▶ _TASK DIRECTIONS_
Of all the lines in the entries below, give again exactly those starting at the line containing "Section Tracial." and ending at the line containing "Section LinearCombination.", both ends included, and no others.

▶ _THE DATA_

+---+

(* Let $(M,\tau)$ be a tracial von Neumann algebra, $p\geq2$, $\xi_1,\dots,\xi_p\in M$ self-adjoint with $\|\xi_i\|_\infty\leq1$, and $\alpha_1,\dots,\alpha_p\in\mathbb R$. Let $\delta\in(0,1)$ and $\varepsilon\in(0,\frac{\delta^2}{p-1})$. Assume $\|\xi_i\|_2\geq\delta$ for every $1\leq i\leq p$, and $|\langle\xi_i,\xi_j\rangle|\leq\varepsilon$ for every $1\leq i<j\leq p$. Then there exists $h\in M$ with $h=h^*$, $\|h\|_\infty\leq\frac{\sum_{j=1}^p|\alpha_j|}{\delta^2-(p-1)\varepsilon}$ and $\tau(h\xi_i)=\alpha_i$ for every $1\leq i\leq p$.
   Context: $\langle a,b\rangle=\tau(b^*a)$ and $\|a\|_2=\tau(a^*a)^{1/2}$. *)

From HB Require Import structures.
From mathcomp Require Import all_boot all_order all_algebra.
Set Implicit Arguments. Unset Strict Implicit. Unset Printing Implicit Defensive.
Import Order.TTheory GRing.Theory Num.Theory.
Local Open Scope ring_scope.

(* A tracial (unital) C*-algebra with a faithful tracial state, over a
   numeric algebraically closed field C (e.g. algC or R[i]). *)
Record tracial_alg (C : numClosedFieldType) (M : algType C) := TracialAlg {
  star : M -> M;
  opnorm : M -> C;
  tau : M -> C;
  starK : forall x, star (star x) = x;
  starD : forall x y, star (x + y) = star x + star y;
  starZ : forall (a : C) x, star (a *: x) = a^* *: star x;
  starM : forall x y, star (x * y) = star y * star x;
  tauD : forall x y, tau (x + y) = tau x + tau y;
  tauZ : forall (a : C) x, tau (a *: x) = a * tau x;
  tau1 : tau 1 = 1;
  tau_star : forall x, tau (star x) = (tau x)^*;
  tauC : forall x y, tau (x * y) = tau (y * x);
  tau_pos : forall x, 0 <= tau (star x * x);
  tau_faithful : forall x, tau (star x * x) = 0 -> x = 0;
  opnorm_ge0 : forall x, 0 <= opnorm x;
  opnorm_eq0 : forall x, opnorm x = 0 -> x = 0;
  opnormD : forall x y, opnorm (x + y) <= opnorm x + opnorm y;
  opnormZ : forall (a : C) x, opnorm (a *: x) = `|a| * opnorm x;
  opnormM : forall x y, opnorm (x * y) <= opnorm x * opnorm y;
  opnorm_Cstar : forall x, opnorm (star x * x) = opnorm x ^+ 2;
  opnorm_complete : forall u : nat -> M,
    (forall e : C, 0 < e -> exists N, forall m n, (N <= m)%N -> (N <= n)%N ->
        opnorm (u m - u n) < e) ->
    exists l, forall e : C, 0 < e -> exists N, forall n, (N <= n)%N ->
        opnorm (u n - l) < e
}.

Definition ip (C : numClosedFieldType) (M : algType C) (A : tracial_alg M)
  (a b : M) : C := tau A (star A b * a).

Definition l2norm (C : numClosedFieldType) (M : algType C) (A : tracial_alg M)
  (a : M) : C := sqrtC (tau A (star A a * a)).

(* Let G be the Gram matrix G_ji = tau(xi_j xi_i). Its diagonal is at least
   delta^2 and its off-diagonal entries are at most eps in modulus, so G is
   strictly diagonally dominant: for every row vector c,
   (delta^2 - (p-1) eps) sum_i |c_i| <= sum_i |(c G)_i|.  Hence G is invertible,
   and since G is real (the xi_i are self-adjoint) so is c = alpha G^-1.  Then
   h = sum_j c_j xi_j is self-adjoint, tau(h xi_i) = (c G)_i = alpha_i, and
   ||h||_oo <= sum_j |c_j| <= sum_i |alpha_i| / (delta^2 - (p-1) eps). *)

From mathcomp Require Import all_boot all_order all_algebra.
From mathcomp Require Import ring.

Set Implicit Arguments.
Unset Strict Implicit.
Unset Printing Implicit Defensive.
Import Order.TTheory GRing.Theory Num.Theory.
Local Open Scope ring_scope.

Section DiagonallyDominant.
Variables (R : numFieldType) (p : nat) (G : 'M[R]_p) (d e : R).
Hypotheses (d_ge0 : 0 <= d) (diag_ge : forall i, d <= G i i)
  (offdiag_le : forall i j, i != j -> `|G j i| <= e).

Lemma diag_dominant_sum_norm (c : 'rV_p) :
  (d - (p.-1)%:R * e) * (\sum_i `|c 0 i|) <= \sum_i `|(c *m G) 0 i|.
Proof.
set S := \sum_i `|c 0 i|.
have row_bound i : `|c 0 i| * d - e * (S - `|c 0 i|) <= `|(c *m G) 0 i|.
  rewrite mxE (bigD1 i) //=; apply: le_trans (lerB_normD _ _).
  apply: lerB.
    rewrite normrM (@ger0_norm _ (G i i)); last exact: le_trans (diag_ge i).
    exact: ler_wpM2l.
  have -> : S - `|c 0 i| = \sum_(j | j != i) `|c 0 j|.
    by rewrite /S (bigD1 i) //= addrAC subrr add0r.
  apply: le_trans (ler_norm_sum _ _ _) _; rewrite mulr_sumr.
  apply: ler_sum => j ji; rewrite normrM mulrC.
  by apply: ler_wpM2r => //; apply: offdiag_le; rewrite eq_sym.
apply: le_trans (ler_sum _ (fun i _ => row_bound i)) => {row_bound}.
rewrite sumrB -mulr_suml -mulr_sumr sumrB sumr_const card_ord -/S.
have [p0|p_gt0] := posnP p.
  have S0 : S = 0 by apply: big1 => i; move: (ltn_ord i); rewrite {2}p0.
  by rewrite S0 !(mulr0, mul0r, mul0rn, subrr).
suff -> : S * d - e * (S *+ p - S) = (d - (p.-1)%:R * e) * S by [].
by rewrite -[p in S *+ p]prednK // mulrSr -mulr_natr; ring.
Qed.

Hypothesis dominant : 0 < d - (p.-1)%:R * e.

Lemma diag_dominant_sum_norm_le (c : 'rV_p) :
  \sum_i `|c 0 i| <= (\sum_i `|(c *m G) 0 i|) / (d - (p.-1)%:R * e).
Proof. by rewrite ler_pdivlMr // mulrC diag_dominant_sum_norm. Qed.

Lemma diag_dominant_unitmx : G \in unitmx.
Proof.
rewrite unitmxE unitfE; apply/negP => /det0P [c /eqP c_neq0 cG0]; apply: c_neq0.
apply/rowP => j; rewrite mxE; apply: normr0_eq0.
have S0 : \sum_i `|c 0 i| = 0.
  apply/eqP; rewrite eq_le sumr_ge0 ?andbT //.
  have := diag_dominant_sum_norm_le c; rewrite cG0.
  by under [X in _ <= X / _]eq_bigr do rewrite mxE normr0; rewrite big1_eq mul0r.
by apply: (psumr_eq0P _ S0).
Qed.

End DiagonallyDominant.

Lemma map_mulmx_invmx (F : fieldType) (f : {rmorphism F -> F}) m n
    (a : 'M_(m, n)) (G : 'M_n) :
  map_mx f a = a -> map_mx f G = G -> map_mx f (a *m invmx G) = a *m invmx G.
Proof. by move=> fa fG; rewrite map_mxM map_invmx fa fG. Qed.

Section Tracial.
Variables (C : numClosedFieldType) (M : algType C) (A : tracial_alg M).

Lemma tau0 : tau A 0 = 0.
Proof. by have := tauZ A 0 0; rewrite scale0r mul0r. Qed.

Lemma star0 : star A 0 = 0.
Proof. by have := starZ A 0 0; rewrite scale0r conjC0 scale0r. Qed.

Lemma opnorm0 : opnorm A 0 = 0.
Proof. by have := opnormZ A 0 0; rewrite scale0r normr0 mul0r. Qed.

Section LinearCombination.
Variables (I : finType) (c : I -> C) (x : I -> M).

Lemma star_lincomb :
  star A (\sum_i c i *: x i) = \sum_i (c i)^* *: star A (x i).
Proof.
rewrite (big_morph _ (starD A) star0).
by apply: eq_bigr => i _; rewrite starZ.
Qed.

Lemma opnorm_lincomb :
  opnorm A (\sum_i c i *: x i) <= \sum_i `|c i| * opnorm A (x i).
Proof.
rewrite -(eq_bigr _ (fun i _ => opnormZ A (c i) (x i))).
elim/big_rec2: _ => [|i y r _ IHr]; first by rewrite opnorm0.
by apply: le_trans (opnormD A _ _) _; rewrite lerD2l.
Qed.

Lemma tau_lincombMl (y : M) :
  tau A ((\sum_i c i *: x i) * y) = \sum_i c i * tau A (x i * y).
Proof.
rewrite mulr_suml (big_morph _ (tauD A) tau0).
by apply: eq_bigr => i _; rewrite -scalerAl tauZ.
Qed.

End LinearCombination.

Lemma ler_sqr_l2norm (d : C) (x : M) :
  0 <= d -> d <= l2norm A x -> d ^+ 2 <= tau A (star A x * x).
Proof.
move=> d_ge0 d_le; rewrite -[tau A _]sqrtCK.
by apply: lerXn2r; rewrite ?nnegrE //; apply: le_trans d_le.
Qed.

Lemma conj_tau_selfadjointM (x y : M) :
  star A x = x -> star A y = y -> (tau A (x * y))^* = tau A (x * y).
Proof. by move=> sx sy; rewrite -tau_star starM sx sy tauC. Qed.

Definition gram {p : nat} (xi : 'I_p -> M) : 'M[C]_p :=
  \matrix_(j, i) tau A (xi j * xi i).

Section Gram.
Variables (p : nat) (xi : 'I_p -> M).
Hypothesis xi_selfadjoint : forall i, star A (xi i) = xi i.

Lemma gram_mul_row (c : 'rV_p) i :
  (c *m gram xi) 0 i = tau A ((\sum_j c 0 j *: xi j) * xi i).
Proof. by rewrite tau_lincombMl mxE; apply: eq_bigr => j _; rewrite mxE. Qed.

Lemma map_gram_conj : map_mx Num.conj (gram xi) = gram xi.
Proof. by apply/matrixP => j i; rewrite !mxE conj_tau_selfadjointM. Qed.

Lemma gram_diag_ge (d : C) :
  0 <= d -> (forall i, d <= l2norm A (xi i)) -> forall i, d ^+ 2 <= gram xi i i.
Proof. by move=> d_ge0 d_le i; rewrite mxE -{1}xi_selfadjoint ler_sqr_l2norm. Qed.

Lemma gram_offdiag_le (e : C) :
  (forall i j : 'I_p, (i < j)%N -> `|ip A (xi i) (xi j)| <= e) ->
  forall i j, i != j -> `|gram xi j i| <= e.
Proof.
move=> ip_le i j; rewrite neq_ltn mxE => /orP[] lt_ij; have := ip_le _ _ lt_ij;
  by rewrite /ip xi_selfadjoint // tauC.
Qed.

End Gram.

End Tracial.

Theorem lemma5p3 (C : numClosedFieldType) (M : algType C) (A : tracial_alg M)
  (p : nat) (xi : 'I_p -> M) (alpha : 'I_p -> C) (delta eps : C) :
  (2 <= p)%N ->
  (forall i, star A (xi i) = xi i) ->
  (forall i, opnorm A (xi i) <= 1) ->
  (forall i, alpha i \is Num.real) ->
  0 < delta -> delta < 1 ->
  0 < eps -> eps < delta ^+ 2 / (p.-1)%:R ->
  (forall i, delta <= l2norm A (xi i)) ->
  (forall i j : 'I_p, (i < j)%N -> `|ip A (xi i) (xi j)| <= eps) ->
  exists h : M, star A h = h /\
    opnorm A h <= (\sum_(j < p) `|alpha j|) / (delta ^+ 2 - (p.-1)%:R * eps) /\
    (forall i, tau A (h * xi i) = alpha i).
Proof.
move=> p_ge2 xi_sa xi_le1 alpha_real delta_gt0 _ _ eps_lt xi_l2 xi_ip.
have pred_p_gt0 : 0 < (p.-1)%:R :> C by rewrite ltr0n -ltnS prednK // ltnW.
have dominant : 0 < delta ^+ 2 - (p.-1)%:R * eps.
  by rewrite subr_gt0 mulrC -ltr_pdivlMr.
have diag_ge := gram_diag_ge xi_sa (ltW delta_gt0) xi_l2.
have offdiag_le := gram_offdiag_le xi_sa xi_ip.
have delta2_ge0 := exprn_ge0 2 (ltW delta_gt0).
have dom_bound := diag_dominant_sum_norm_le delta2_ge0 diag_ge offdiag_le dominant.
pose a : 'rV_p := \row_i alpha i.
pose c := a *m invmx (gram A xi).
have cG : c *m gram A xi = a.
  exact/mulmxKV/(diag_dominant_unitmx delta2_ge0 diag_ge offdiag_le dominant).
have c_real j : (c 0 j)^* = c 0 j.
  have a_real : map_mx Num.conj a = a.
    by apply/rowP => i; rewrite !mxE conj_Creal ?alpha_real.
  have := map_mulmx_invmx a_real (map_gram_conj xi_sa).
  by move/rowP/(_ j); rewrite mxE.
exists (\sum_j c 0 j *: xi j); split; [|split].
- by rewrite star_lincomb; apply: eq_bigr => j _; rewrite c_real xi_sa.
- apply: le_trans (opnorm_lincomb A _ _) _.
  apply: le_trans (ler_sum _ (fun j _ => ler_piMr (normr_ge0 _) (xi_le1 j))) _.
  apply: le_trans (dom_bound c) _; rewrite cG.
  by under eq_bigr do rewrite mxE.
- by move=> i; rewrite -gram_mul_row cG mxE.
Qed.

+---+

▶ _YOUR SOLUTION_
Section Tracial.
Variables (C : numClosedFieldType) (M : algType C) (A : tracial_alg M).

Lemma tau0 : tau A 0 = 0.
Proof. by have := tauZ A 0 0; rewrite scale0r mul0r. Qed.

Lemma star0 : star A 0 = 0.
Proof. by have := starZ A 0 0; rewrite scale0r conjC0 scale0r. Qed.

Lemma opnorm0 : opnorm A 0 = 0.
Proof. by have := opnormZ A 0 0; rewrite scale0r normr0 mul0r. Qed.

Section LinearCombination.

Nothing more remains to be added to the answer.